What you will do> Using the data that follows, return exactly the lines from the one that contains "Definition qconj (x" through the one that contains "mdig k' l)%N].", ends included.

*** Begin section ***

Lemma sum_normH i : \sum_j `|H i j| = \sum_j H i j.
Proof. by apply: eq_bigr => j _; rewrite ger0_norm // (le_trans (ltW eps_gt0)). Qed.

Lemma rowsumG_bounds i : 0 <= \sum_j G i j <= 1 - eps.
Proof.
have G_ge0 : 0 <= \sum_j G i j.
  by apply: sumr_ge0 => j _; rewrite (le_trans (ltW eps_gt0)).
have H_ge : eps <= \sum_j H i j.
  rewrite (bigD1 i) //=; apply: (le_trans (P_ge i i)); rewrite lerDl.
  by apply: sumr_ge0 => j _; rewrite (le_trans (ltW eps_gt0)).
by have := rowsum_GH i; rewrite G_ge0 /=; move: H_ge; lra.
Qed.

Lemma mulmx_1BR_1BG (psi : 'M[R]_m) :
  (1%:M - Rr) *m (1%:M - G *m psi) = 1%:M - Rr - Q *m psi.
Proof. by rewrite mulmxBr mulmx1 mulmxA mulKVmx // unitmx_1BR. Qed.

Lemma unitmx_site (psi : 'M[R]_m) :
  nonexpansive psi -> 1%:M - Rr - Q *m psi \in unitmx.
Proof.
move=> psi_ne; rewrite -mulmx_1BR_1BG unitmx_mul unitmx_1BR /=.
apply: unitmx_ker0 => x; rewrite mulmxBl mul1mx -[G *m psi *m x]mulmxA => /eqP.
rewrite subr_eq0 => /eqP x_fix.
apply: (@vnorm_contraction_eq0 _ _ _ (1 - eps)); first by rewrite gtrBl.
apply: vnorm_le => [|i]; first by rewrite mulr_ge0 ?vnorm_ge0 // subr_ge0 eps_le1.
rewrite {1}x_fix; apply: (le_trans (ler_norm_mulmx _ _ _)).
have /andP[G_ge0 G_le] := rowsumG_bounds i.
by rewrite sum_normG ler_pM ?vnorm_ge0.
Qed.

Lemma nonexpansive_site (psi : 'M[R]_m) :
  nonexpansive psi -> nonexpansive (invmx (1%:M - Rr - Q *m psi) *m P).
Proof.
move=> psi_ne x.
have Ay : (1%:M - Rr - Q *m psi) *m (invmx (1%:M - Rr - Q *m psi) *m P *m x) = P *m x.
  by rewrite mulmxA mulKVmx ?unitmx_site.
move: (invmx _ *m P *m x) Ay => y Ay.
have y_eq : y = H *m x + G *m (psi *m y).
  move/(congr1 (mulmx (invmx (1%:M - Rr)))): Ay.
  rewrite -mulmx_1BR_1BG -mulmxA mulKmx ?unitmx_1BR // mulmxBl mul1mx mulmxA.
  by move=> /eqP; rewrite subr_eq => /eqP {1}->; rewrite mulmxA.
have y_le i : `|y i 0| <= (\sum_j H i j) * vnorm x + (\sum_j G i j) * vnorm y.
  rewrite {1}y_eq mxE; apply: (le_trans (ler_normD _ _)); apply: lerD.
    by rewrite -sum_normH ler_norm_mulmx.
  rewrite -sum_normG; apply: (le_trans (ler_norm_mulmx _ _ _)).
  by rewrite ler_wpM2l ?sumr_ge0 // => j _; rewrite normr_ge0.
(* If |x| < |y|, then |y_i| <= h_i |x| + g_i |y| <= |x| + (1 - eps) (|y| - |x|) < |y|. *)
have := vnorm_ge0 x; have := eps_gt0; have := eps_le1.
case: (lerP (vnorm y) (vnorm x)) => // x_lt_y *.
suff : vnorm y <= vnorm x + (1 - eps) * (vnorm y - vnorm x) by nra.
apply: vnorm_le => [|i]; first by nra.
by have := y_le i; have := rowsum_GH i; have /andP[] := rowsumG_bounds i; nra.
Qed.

*** End section ***
*** Begin section ***

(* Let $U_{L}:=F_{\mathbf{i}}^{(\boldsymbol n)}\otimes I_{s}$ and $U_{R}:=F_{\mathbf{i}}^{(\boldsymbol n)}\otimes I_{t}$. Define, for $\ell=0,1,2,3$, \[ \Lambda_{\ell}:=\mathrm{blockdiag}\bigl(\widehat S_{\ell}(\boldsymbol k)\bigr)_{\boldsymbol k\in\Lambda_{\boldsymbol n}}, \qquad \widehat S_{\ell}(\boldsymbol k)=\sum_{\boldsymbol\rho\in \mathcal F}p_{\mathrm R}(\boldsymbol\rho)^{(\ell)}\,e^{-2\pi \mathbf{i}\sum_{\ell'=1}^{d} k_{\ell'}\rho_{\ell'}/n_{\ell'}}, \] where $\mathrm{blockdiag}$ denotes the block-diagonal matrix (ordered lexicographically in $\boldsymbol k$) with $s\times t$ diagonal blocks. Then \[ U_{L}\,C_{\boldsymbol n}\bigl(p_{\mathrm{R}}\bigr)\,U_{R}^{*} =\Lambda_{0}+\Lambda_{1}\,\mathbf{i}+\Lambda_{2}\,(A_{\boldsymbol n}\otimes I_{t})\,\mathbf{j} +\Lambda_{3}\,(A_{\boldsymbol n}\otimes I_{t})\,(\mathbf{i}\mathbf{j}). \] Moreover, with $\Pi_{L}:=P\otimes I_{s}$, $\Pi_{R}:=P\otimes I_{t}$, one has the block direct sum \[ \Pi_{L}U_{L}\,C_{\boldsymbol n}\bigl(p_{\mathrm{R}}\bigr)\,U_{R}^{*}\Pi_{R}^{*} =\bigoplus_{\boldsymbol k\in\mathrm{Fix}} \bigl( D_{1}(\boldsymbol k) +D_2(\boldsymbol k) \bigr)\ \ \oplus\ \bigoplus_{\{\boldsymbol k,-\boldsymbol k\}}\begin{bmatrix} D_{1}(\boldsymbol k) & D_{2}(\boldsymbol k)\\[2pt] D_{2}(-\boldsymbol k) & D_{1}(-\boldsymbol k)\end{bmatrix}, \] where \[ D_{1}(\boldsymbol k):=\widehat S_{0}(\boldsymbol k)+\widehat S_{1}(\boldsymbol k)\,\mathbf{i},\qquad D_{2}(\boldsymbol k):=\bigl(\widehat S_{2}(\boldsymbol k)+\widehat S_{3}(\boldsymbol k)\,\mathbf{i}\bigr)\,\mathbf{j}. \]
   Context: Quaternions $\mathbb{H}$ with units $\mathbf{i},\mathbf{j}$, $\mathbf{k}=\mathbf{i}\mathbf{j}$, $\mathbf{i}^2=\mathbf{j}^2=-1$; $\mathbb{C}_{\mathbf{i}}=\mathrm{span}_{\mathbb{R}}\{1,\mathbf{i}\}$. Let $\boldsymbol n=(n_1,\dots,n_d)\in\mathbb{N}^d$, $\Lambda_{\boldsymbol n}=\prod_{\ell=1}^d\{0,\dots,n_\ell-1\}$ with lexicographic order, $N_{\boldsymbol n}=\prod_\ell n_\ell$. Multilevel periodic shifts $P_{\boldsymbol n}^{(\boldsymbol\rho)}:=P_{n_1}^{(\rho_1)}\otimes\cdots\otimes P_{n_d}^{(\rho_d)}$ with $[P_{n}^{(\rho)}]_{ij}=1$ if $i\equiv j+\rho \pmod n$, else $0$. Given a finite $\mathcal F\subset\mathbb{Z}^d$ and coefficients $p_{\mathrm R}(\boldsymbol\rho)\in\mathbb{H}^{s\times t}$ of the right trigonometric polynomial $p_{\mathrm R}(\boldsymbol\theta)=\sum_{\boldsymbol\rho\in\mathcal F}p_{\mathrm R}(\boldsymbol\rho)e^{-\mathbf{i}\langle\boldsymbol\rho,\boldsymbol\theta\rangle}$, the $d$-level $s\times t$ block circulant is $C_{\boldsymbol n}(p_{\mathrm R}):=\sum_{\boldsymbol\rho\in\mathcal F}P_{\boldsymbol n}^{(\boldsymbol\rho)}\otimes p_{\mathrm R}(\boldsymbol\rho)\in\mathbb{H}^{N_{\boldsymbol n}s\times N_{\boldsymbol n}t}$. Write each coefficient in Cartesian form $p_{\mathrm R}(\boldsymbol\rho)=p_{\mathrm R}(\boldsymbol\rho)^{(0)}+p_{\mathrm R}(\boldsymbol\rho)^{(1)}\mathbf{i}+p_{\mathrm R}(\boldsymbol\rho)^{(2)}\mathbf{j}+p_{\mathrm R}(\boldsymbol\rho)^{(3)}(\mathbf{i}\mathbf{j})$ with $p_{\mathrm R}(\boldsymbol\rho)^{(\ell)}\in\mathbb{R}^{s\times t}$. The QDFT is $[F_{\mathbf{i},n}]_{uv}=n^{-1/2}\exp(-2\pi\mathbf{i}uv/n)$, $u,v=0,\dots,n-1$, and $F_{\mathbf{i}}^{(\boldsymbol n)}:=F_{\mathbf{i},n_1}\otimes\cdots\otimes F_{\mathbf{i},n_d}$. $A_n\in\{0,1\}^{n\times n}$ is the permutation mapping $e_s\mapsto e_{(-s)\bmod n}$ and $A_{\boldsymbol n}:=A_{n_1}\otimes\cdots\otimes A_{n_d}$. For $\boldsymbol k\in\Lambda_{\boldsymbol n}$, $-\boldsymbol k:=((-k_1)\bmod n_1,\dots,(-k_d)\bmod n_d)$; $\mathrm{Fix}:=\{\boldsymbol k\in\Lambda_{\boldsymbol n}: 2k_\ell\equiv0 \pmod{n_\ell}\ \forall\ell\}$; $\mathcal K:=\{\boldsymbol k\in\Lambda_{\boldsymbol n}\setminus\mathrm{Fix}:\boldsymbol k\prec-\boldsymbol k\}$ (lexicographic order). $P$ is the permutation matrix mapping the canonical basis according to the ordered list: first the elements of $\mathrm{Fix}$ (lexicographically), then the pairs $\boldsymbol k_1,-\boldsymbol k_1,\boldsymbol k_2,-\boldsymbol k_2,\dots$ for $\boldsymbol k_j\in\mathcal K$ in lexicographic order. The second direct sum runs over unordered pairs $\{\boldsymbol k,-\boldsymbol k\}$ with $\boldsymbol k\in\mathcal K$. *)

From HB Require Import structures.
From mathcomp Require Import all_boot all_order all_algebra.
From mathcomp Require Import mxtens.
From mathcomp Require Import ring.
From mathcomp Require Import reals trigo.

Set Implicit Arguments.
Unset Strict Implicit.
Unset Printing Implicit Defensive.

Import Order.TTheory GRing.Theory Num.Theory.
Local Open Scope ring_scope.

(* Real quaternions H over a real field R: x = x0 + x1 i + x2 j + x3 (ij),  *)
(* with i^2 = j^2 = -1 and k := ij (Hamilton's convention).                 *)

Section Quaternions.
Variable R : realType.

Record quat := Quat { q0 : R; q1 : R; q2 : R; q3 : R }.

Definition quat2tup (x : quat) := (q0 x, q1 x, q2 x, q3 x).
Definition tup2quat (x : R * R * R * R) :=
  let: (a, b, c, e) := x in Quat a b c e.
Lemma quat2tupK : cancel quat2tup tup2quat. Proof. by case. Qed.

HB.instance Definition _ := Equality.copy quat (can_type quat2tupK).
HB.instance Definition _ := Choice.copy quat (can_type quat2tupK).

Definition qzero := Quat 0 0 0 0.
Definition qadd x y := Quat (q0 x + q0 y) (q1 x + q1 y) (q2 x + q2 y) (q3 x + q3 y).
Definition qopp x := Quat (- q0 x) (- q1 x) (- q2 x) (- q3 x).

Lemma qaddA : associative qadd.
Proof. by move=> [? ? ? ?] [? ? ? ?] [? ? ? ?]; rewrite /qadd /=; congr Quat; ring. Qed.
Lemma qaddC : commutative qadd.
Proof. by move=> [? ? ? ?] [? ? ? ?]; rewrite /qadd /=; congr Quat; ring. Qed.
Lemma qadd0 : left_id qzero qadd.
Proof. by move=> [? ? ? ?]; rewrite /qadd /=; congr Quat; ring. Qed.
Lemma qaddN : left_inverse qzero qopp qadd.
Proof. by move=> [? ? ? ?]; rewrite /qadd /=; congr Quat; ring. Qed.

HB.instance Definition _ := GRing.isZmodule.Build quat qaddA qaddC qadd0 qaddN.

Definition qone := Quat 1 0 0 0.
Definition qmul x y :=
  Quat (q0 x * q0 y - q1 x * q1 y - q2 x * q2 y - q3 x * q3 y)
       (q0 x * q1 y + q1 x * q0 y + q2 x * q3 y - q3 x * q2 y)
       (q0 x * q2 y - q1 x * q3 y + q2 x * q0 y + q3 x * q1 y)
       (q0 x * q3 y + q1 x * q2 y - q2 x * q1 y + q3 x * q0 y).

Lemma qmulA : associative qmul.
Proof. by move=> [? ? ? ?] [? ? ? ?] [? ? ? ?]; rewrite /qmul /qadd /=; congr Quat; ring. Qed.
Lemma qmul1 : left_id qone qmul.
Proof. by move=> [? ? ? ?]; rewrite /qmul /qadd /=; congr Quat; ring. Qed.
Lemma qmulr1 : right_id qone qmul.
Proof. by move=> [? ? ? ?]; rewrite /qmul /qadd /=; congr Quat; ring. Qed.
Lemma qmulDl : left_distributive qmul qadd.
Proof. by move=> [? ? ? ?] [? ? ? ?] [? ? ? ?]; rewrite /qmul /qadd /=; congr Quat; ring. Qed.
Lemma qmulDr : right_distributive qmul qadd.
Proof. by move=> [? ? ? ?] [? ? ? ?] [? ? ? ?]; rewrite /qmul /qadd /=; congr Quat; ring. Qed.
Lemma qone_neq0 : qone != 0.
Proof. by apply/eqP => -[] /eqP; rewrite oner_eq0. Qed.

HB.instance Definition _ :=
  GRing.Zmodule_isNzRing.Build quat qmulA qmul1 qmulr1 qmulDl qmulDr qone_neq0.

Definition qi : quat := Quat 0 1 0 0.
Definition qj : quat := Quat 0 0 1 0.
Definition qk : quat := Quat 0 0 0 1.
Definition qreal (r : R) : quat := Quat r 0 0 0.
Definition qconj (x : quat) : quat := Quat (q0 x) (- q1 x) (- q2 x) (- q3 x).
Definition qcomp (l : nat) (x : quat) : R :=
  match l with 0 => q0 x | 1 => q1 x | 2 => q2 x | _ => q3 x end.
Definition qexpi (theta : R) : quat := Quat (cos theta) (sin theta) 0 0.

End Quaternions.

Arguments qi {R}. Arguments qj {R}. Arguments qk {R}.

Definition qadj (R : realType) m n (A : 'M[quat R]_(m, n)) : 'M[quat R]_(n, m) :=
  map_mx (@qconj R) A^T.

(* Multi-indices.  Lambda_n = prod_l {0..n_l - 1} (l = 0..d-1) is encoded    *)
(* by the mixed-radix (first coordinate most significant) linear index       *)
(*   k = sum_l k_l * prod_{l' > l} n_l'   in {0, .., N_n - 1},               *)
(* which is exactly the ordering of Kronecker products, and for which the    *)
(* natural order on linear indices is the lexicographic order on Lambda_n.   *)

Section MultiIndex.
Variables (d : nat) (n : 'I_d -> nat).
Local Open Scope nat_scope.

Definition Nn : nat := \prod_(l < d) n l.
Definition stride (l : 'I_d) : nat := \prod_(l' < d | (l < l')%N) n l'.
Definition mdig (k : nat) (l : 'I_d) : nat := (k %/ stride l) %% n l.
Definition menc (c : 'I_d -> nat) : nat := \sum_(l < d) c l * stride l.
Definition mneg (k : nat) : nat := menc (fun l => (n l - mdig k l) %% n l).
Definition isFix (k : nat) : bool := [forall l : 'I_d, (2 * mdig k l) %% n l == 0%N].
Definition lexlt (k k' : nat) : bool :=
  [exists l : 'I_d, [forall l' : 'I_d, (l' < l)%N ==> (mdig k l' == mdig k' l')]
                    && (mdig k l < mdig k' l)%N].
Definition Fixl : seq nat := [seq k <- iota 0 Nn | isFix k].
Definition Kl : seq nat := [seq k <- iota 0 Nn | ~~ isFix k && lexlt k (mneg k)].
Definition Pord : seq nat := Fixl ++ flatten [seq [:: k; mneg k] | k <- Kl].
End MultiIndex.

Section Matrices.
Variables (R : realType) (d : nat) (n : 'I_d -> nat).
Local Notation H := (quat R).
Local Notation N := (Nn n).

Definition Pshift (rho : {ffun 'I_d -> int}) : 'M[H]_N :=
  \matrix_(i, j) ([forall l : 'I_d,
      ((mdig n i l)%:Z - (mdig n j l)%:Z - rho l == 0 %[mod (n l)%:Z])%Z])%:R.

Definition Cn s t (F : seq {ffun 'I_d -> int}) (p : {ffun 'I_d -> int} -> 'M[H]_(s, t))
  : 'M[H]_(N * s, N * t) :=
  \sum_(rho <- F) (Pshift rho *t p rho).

*** End section ***

Written solution>
Definition qconj (x : quat) : quat := Quat (q0 x) (- q1 x) (- q2 x) (- q3 x).
Definition qcomp (l : nat) (x : quat) : R :=
  match l with 0 => q0 x | 1 => q1 x | 2 => q2 x | _ => q3 x end.
Definition qexpi (theta : R) : quat := Quat (cos theta) (sin theta) 0 0.

End Quaternions.

Arguments qi {R}. Arguments qj {R}. Arguments qk {R}.

Definition qadj (R : realType) m n (A : 'M[quat R]_(m, n)) : 'M[quat R]_(n, m) :=
  map_mx (@qconj R) A^T.

(* Multi-indices.  Lambda_n = prod_l {0..n_l - 1} (l = 0..d-1) is encoded    *)
(* by the mixed-radix (first coordinate most significant) linear index       *)
(*   k = sum_l k_l * prod_{l' > l} n_l'   in {0, .., N_n - 1},               *)
(* which is exactly the ordering of Kronecker products, and for which the    *)
(* natural order on linear indices is the lexicographic order on Lambda_n.   *)

Section MultiIndex.
Variables (d : nat) (n : 'I_d -> nat).
Local Open Scope nat_scope.

Definition Nn : nat := \prod_(l < d) n l.
Definition stride (l : 'I_d) : nat := \prod_(l' < d | (l < l')%N) n l'.
Definition mdig (k : nat) (l : 'I_d) : nat := (k %/ stride l) %% n l.
Definition menc (c : 'I_d -> nat) : nat := \sum_(l < d) c l * stride l.
Definition mneg (k : nat) : nat := menc (fun l => (n l - mdig k l) %% n l).
Definition isFix (k : nat) : bool := [forall l : 'I_d, (2 * mdig k l) %% n l == 0%N].
Definition lexlt (k k' : nat) : bool :=
  [exists l : 'I_d, [forall l' : 'I_d, (l' < l)%N ==> (mdig k l' == mdig k' l')]
                    && (mdig k l < mdig k' l)%N].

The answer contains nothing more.